Hoje, o Keble College parece olhar para o seu
vizinho do outro lado da rua como se estivesse refletindo sobre o que a ciência
fez com a religião. Assim, os auditórios de aula do departamento de física
foram um excelente lugar para acolher uma conferência justamente sobre esse
assunto, celebrando e criticando o trabalho de John Polkinghorne, um dos
cientistas-teólogos mais conhecidos do nosso tempo.
Na primeira parte de sua carreira, Polkinghorne foi
um físico matemático, chegando à posição de professor da Universidade de
Cambridge. Então, em 1979, renunciou à sua cátedra e estudou para se tornar
sacerdote anglicano. No quarto de século seguinte, ele escreveu cerca de duas
dezenas de livros sobre a relação entre ciência e religião. Um homem encantador
para se conhecer, entre papéis e apresentações, ele fala tão comodamente com
humildes jornalistas quanto com seus ilustres colegas.

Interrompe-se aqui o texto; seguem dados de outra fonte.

(* Let $\mathbf X=\{X_n\}$ and $\mathbf Y=\{Y_n\}$ be general sources such that $$\inf_{m>0}\ \liminf_{n\to\infty}\ \inf_{c\in\mathbb R}\Big\{\Pr\Big\{\log\tfrac{1}{P_{Y_n}(Y_n)}<c+m\Big\}-\Pr\Big\{\log\tfrac{1}{P_{X_n}(X_n)}<c\Big\}\Big\}\ \ge 0 .$$ Then $$\inf_{0<\epsilon<1}\ \liminf_{n\to\infty}\ \inf_{0\le\delta<1-\epsilon}\{c_n^x(\delta+\epsilon)-c_n^y(\delta)\}\ \ge 0 .$$
   Context: Logarithms are natural. A general source $\mathbf X=\{X_n\}_{n\ge1}$ is a sequence of random variables, $X_n$ taking values in a countable set $\mathcal X_n$, with no consistency requirements between different $n$. Similarly $Y_n$ takes values in a countable set $\mathcal Y_n$. For a random variable $Z$ on a countable set $\mathcal Z$ with pmf $P_Z$, list the elements of positive probability as $z_1,z_2,\dots$ (a finite or countably infinite list) with $P_Z(z_1)\ge P_Z(z_2)\ge\cdots$ (ties broken arbitrarily). Set $\delta_0=0$ and $\delta_k=\sum_{i\le k}P_Z(z_i)$. For $\delta\in[0,1)$ define $c^z(\delta)=\log\frac{1}{P_Z(z_k)}$, where $k$ is the unique index with $\delta\in[\delta_{k-1},\delta_k)$. Here $c_n^x$ and $c_n^y$ denote this function built from $P_{X_n}$ and from $P_{Y_n}$ respectively. *)

From Stdlib Require Import Reals Lra ClassicalEpsilon.
Open Scope R_scope.

(* A pmf on a countable alphabet, encoded (via an injection) in nat. *)
Definition is_pmf (p : nat -> R) : Prop :=
  (forall k, 0 <= p k) /\ infinite_sum p 1.

Definition series_sum (f : nat -> R) : R :=
  epsilon (inhabits 0) (fun l => infinite_sum f l).

(* Pr{ log (1 / P_Z(Z)) < c } for Z with pmf p. Elements with P_Z = 0
   have infinite self-information and never count. *)
Definition prob_info_lt (p : nat -> R) (c : R) : R :=
  series_sum (fun k =>
    if Rlt_dec 0 (p k) then
      if Rlt_dec (ln (1 / p k)) c then p k else 0
    else 0).

(* Index i is within a list of length len (None = countably infinite). *)
Definition in_len (len : option nat) (i : nat) : Prop :=
  match len with None => True | Some L => (i < L)%nat end.

(* Indices are 0-based: z i is z_{i+1} of the paper. *)
Definition sorted_enum (p : nat -> R) (len : option nat) (z : nat -> nat) : Prop :=
  (forall i j, in_len len i -> in_len len j -> z i = z j -> i = j) /\
  (forall i, in_len len i -> 0 < p (z i)) /\
  (forall x, 0 < p x -> exists i, in_len len i /\ z i = x) /\
  (forall i j, in_len len i -> in_len len j -> (i < j)%nat -> p (z j) <= p (z i)).

Fixpoint psum (p : nat -> R) (z : nat -> nat) (k : nat) : R :=
  match k with O => 0 | S k' => psum p z k' + p (z k') end.

(* c^z(delta) = log (1 / P(z_k)) with delta in [delta_{k-1}, delta_k)
   (0-based: psum k <= delta < psum (k+1)). *)
Definition cfun (p : nat -> R) (len : option nat) (z : nat -> nat) (delta : R) : R :=
  epsilon (inhabits 0) (fun c => exists k, in_len len k /\
      psum p z k <= delta < psum p z (S k) /\ c = ln (1 / p (z k))).

(* Fix eps, eta > 0 and apply the hypothesis with margin m = eta and
   tolerance eps.  For delta in [0, 1 - eps) write
     c^x(delta + eps) = log 1/P_X(x_k)  with  delta + eps < delta^X_{k+1},
     c^y(delta)       = log 1/P_Y(y_j)  with  delta^Y_j <= delta.
   If c^x(delta + eps) < c^y(delta) - eta, then with c := c^y(delta) - eta
     Pr{iX < c}       >= delta^X_{k+1} > delta + eps   (x_0..x_k all count),
     Pr{iY < c + eta} <= delta^Y_j     <= delta        (only y_0..y_{j-1} count),
   contradicting  Pr{iY < c + eta} - Pr{iX < c} >= -eps. *)

From Stdlib Require Import Reals Lra Lia List ClassicalEpsilon.
Open Scope R_scope.

Definition lsum (g : nat -> R) (l : list nat) : R :=
  fold_right (fun x acc => g x + acc) 0 l.

Lemma lsum_app g l1 l2 : lsum g (l1 ++ l2) = lsum g l1 + lsum g l2.
Proof. induction l1 as [|a l1 IH]; simpl; [lra|]. rewrite IH. lra. Qed.

Lemma lsum_nonneg g l : (forall x, 0 <= g x) -> 0 <= lsum g l.
Proof. intros Hg. induction l as [|a l IH]; simpl; [lra|]. specialize (Hg a). lra. Qed.

Lemma lsum_le g h l : (forall x, In x l -> g x <= h x) -> lsum g l <= lsum h l.
Proof.
  induction l as [|a l IH]; simpl; intros H; [lra|].
  assert (g a <= h a) by auto.
  assert (lsum g l <= lsum h l) by auto.
  lra.
Qed.

Lemma lsum_sub g l1 l2 : (forall x, 0 <= g x) -> NoDup l1 ->
  (forall x, In x l1 -> g x <> 0 -> In x l2) -> lsum g l1 <= lsum g l2.
Proof.
  revert l2. induction l1 as [|a l1 IH]; intros l2 Hg Hnd Hin; simpl.
  { apply lsum_nonneg; auto. }
  inversion Hnd as [|? ? Ha_notin Hnd1]; subst.
  destruct (Req_dec (g a) 0) as [Hga|Hga].
  - rewrite Hga.
    assert (lsum g l1 <= lsum g l2) by (apply IH; auto; intros; apply Hin; simpl; auto).
    lra.
  - assert (Ha : In a l2) by (apply Hin; simpl; auto).
    destruct (in_split _ _ Ha) as [u [v ->]].
    assert (Hrest : lsum g l1 <= lsum g (u ++ v)).
    { apply IH; auto. intros x Hx Hgx.
      assert (Hx2 : In x (u ++ a :: v)) by (apply Hin; simpl; auto).
      apply in_app_or in Hx2. apply in_or_app.
      destruct Hx2 as [?|[?|?]]; auto. subst; contradiction. }
    rewrite lsum_app in Hrest |- *. simpl. lra.
Qed.

Lemma sum_f_R0_lsum f n : sum_f_R0 f n = lsum f (seq 0 (S n)).
Proof.
  induction n as [|n IH]; [simpl; lra|].
  rewrite seq_S, lsum_app. simpl sum_f_R0. rewrite IH. simpl. lra.
Qed.

Lemma psum_lsum p z k : psum p z k = lsum p (map z (seq 0 k)).
Proof.
  induction k as [|k IH]; [simpl; lra|].
  rewrite seq_S, map_app, lsum_app. simpl psum. rewrite IH. simpl. lra.
Qed.

Lemma cv_le_bound (u : nat -> R) l B : Un_cv u l -> (forall n, u n <= B) -> l <= B.
Proof.
  intros Hc Hb. destruct (Rle_dec l B) as [|Hn]; auto.
  destruct (Hc (l - B)) as [N HN]; [lra|].
  specialize (HN N (le_n _)). specialize (Hb N). unfold R_dist in HN.
  apply Rabs_def2 in HN. lra.
Qed.

Lemma le_list_max x l : In x l -> (x <= list_max l)%nat.
Proof.
  intros Hx. pose proof (proj1 (list_max_le l (list_max l)) (le_n _)) as Hall.
  rewrite Forall_forall in Hall. auto.
Qed.

Section DominatedSeries.

Variables (p f : nat -> R).
Hypothesis Hp : is_pmf p.
Hypothesis Hf : forall x, 0 <= f x <= p x.

Lemma f_nonneg x : 0 <= f x.
Proof. apply Hf. Qed.

Lemma series_sum_spec : infinite_sum f (series_sum f).
Proof.
  unfold series_sum. apply epsilon_spec.
  destruct (Rseries_CV_comp f p Hf (exist _ 1 (proj2 Hp))) as [l Hl].
  exists l. exact Hl.
Qed.

Lemma lsum_le_series_sum l : NoDup l -> lsum f l <= series_sum f.
Proof.
  intros Hnd.
  apply Rle_trans with (sum_f_R0 f (list_max l)).
  - rewrite sum_f_R0_lsum. apply lsum_sub; auto using f_nonneg.
    intros x Hx _. apply in_seq. pose proof (le_list_max x l Hx). lia.
  - apply sum_incr; [exact series_sum_spec | exact f_nonneg].
Qed.

Lemma series_sum_le_lsum l : (forall x, f x <> 0 -> In x l) ->
  series_sum f <= lsum f l.
Proof.
  intros Hsupp. apply (cv_le_bound _ _ _ series_sum_spec). intro N.
  rewrite sum_f_R0_lsum. apply lsum_sub; auto using f_nonneg, seq_NoDup.
Qed.

End DominatedSeries.

Lemma self_info_lt_iff a b : 0 < a -> 0 < b -> ln (1 / a) < ln (1 / b) <-> b < a.
Proof.
  intros Ha Hb. unfold Rdiv. rewrite !Rmult_1_l, !ln_Rinv by assumption.
  split; intros H.
  - apply ln_lt_inv; auto. lra.
  - pose proof (ln_increasing _ _ Hb H). lra.
Qed.

Lemma find_interval (s : nat -> R) K d : s 0%nat <= d -> d < s K ->
  exists k, (k < K)%nat /\ s k <= d < s (S k).
Proof.
  induction K as [|K IH]; intros H0 HK; [lra|].
  destruct (Rle_dec (s K) d) as [HsK|HsK].
  - exists K. split; [lia | lra].
  - destruct IH as [k [Hk Hint]]; [assumption | lra |].
    exists k. split; [lia | assumption].
Qed.

Lemma in_len_down len i j : in_len len i -> (j <= i)%nat -> in_len len j.
Proof. destruct len; simpl; auto; lia. Qed.

Definition info_mass (p : nat -> R) (c : R) (x : nat) : R :=
  if Rlt_dec 0 (p x) then if Rlt_dec (ln (1 / p x)) c then p x else 0 else 0.

Lemma prob_info_lt_series p c : prob_info_lt p c = series_sum (info_mass p c).
Proof. reflexivity. Qed.

Section SortedEnumeration.

Variables (p : nat -> R) (len : option nat) (z : nat -> nat).
Hypothesis Hp : is_pmf p.
Hypothesis Hz : sorted_enum p len z.

Lemma info_mass_dom c x : 0 <= info_mass p c x <= p x.
Proof.
  pose proof (proj1 Hp x). unfold info_mass.
  destruct (Rlt_dec 0 (p x)); [destruct (Rlt_dec (ln (1 / p x)) c)|]; lra.
Qed.

Lemma enum_prefix_nodup K : (forall i, (i < K)%nat -> in_len len i) ->
  NoDup (map z (seq 0 K)).
Proof.
  intros HK. destruct Hz as [Hinj _].
  apply NoDup_map_NoDup_ForallPairs; [|apply seq_NoDup].
  intros a b Ha Hb E. apply in_seq in Ha, Hb. apply Hinj; auto; apply HK; lia.
Qed.

Lemma enum_prefix_covers N : exists K,
  (forall i, (i < K)%nat -> in_len len i) /\
  (forall x, (x <= N)%nat -> 0 < p x -> In x (map z (seq 0 K))).
Proof.
  destruct Hz as [_ [_ [Hsur _]]].
  induction N as [|N [K [HK Hcov]]].
  - destruct (Rlt_dec 0 (p 0%nat)) as [H|H].
    + destruct (Hsur _ H) as [i [Hi Hzi]]. exists (S i). split.
      * intros j Hj. apply in_len_down with i; auto; lia.
      * intros x Hx Hpx. replace x with 0%nat by lia. rewrite <- Hzi.
        apply in_map, in_seq. lia.
    + exists 0%nat. split; [intros; lia|].
      intros x Hx Hpx. replace x with 0%nat in Hpx by lia. contradiction.
  - destruct (Rlt_dec 0 (p (S N))) as [H|H].
    + destruct (Hsur _ H) as [i [Hi Hzi]]. exists (Nat.max K (S i)). split.
      * intros j Hj. destruct (Nat.lt_ge_cases j K); auto.
        apply in_len_down with i; auto; lia.
      * intros x Hx Hpx. destruct (Nat.eq_dec x (S N)) as [->|Hne].
        -- rewrite <- Hzi. apply in_map, in_seq. lia.
        -- destruct (proj1 (in_map_iff _ _ _) (Hcov x ltac:(lia) Hpx)) as [j [Hzj Hj]].
           rewrite <- Hzj. apply in_seq in Hj. apply in_map, in_seq. lia.
    + exists K. split; auto. intros x Hx Hpx.
      destruct (Nat.eq_dec x (S N)) as [->|Hne]; [contradiction|].
      apply Hcov; auto; lia.
Qed.

Lemma psum_exceeds t : t < 1 ->
  exists K, (forall i, (i < K)%nat -> in_len len i) /\ t < psum p z K.
Proof.
  intros Ht. destruct Hp as [Hp0 Hp1].
  destruct (Hp1 (1 - t)) as [N HN]; [lra|].
  specialize (HN N (le_n _)). unfold R_dist in HN. apply Rabs_def2 in HN.
  destruct (enum_prefix_covers N) as [K [HK Hcov]].
  exists K. split; auto.
  apply Rlt_le_trans with (sum_f_R0 p N); [lra|].
  rewrite sum_f_R0_lsum, psum_lsum. apply lsum_sub; auto using seq_NoDup.
  intros x Hx Hpx. apply in_seq in Hx. apply Hcov; [lia|].
  specialize (Hp0 x). lra.
Qed.

Lemma cfun_spec d : 0 <= d < 1 ->
  exists k, in_len len k /\ psum p z k <= d < psum p z (S k) /\
    cfun p len z d = ln (1 / p (z k)).
Proof.
  intros Hd. unfold cfun.
  match goal with |- context [epsilon ?i ?P] => assert (HE : exists c, P c) end.
  { destruct (psum_exceeds d) as [K [HK Hd1]]; [lra|].
    destruct (find_interval (psum p z) K d) as [k [Hk Hint]]; simpl; [lra | assumption |].
    exists (ln (1 / p (z k))), k. auto. }
  destruct (epsilon_spec (inhabits 0) _ HE) as [k [Hk [Hint Hc]]]. eauto.
Qed.

(* Only z_0, ..., z_{j-1} can have self-information below that of z_j. *)
Lemma prob_info_lt_le_psum j : in_len len j ->
  prob_info_lt p (ln (1 / p (z j))) <= psum p z j.
Proof.
  intros Hj. destruct Hz as [_ [Hpos [Hsur Hsort]]].
  rewrite prob_info_lt_series, psum_lsum.
  apply Rle_trans with (lsum (info_mass p (ln (1 / p (z j)))) (map z (seq 0 j))).
  - apply series_sum_le_lsum with p; auto using info_mass_dom.
    intros x Hx. unfold info_mass in Hx.
    destruct (Rlt_dec 0 (p x)) as [Hpx|]; [|lra].
    destruct (Rlt_dec (ln (1 / p x)) (ln (1 / p (z j)))) as [Hlt|]; [|lra].
    apply (self_info_lt_iff _ _ Hpx (Hpos j Hj)) in Hlt.
    destruct (Hsur x Hpx) as [i [Hi <-]].
    apply in_map, in_seq. destruct (Nat.lt_ge_cases i j) as [|Hij]; [lia|].
    exfalso. destruct (Nat.eq_dec i j) as [->|Hne]; [lra|].
    assert (p (z i) <= p (z j)) by (apply Hsort; auto; lia). lra.
  - apply lsum_le. intros; apply info_mass_dom.
Qed.

(* If z_k has self-information below c, so do z_0, ..., z_k. *)
Lemma psum_le_prob_info_lt k c : in_len len k -> ln (1 / p (z k)) < c ->
  psum p z (S k) <= prob_info_lt p c.
Proof.
  intros Hk Hc.
  assert (Hpre : forall i, (i < S k)%nat -> in_len len i)
    by (intros; apply in_len_down with k; auto; lia).
  pose proof (enum_prefix_nodup (S k) Hpre) as Hnd.
  destruct Hz as [_ [Hpos [_ Hsort]]].
  rewrite prob_info_lt_series, psum_lsum.
  apply Rle_trans with (lsum (info_mass p c) (map z (seq 0 (S k)))).
  - apply lsum_le. intros x Hx. apply in_map_iff in Hx. destruct Hx as [i [<- Hi]].
    apply in_seq in Hi.
    assert (Hpi : p (z k) <= p (z i)).
    { destruct (Nat.eq_dec i k) as [->|Hne]; [lra|]. apply Hsort; [apply Hpre; lia | exact Hk | lia]. }
    assert (Hpk := Hpos k Hk).
    unfold info_mass.
    destruct (Rlt_dec 0 (p (z i))) as [_|]; [|lra].
    destruct (Rlt_dec (ln (1 / p (z i))) c) as [|Hge]; [lra|].
    exfalso. apply Hge.
    assert (Hinfo : ~ ln (1 / p (z k)) < ln (1 / p (z i)))
      by (rewrite self_info_lt_iff; lra).
    lra.
  - apply lsum_le_series_sum with p; auto using info_mass_dom.
Qed.

End SortedEnumeration.

Theorem lemma7
  (PX PY : nat -> nat -> R)
  (lenX lenY : nat -> option nat) (zX zY : nat -> nat -> nat)
  (hPX : forall n, is_pmf (PX n)) (hPY : forall n, is_pmf (PY n))
  (hzX : forall n, sorted_enum (PX n) (lenX n) (zX n))
  (hzY : forall n, sorted_enum (PY n) (lenY n) (zY n))
  (* inf_{m>0} liminf_n inf_c { Pr{iY < c+m} - Pr{iX < c} } >= 0 *)
  (hyp : forall m, 0 < m -> forall eta, 0 < eta ->
     exists N, forall n, (N <= n)%nat -> forall c : R,
       prob_info_lt (PY n) (c + m) - prob_info_lt (PX n) c >= - eta) :
  (* inf_{0<eps<1} liminf_n inf_{0<=delta<1-eps} { c^x_n(delta+eps) - c^y_n(delta) } >= 0 *)
  forall eps, 0 < eps < 1 -> forall eta, 0 < eta ->
    exists N, forall n, (N <= n)%nat -> forall delta : R, 0 <= delta < 1 - eps ->
      cfun (PX n) (lenX n) (zX n) (delta + eps) - cfun (PY n) (lenY n) (zY n) delta >= - eta.
Proof.
  intros eps Heps eta Heta.
  destruct (hyp eta Heta eps (proj1 Heps)) as [N HN].
  exists N. intros n Hn delta Hd.
  destruct (cfun_spec _ _ _ (hPX n) (hzX n) (delta + eps)) as [k [Hk [Hint_x ->]]]; [lra|].
  destruct (cfun_spec _ _ _ (hPY n) (hzY n) delta) as [j [Hj [Hint_y ->]]]; [lra|].
  set (cy := ln (1 / PY n (zY n j))).
  destruct (Rge_dec (ln (1 / PX n (zX n k)) - cy) (- eta)) as [|Hlt]; [assumption|].
  exfalso.
  specialize (HN n Hn (cy - eta)). replace (cy - eta + eta) with cy in HN by ring.
  pose proof (prob_info_lt_le_psum _ _ _ (hPY n) (hzY n) j Hj) as HY.
  pose proof (psum_le_prob_info_lt _ _ _ (hPX n) (hzX n) k (cy - eta) Hk ltac:(lra)) as HX.
  fold cy in HY. lra.
Qed.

Polkinghorne se descreve como um teólogo "de
baixo" [bottom-up]. Ele está preocupado em mostrar não só que a ciência
moderna é compatível com a crença cristã ortodoxa, mas também que o crente em
Deus pode ter uma base tão racional para o seu compromisso quanto o cientista
tem para o seu. Ele toma emprestada uma noção apresentada pelo filósofo Michael
Polanyi, de crença bem motivada, que procura: "um estado de espírito em
que eu possa manter com firmeza o que eu acredito ser verdade, embora saiba que
possa ser concebivelmente falso".
Isso torna a versão de Polkinghorne acerca da
teologia natural – aquela parte da teologia que olha para a razão e a natureza
ao invés da revelação – mais atraente do que a de seus contemporâneos Alister
McGrath e Richard Swinburne. Assim argumentou um colaborador, Rodney Holder.
Por exemplo, McGrath insiste que a teologia natural
deve ser incorporada à revelação de Deus: ela fala aos cristãos acerca do Deus
que eles já conhecem como Trindade. Mas McGrath também diz que a teologia
natural pode levar os não crentes a Deus. Por isso, ele emprega a razão e a
natureza contra seus oponentes ateus, não apenas em seu livro "The Dawkins
Delusion" [A ilusão de Dawkins]. Coloque as duas afirmações junto, porém,
e parece haver uma inconsistência, ressaltou Holder.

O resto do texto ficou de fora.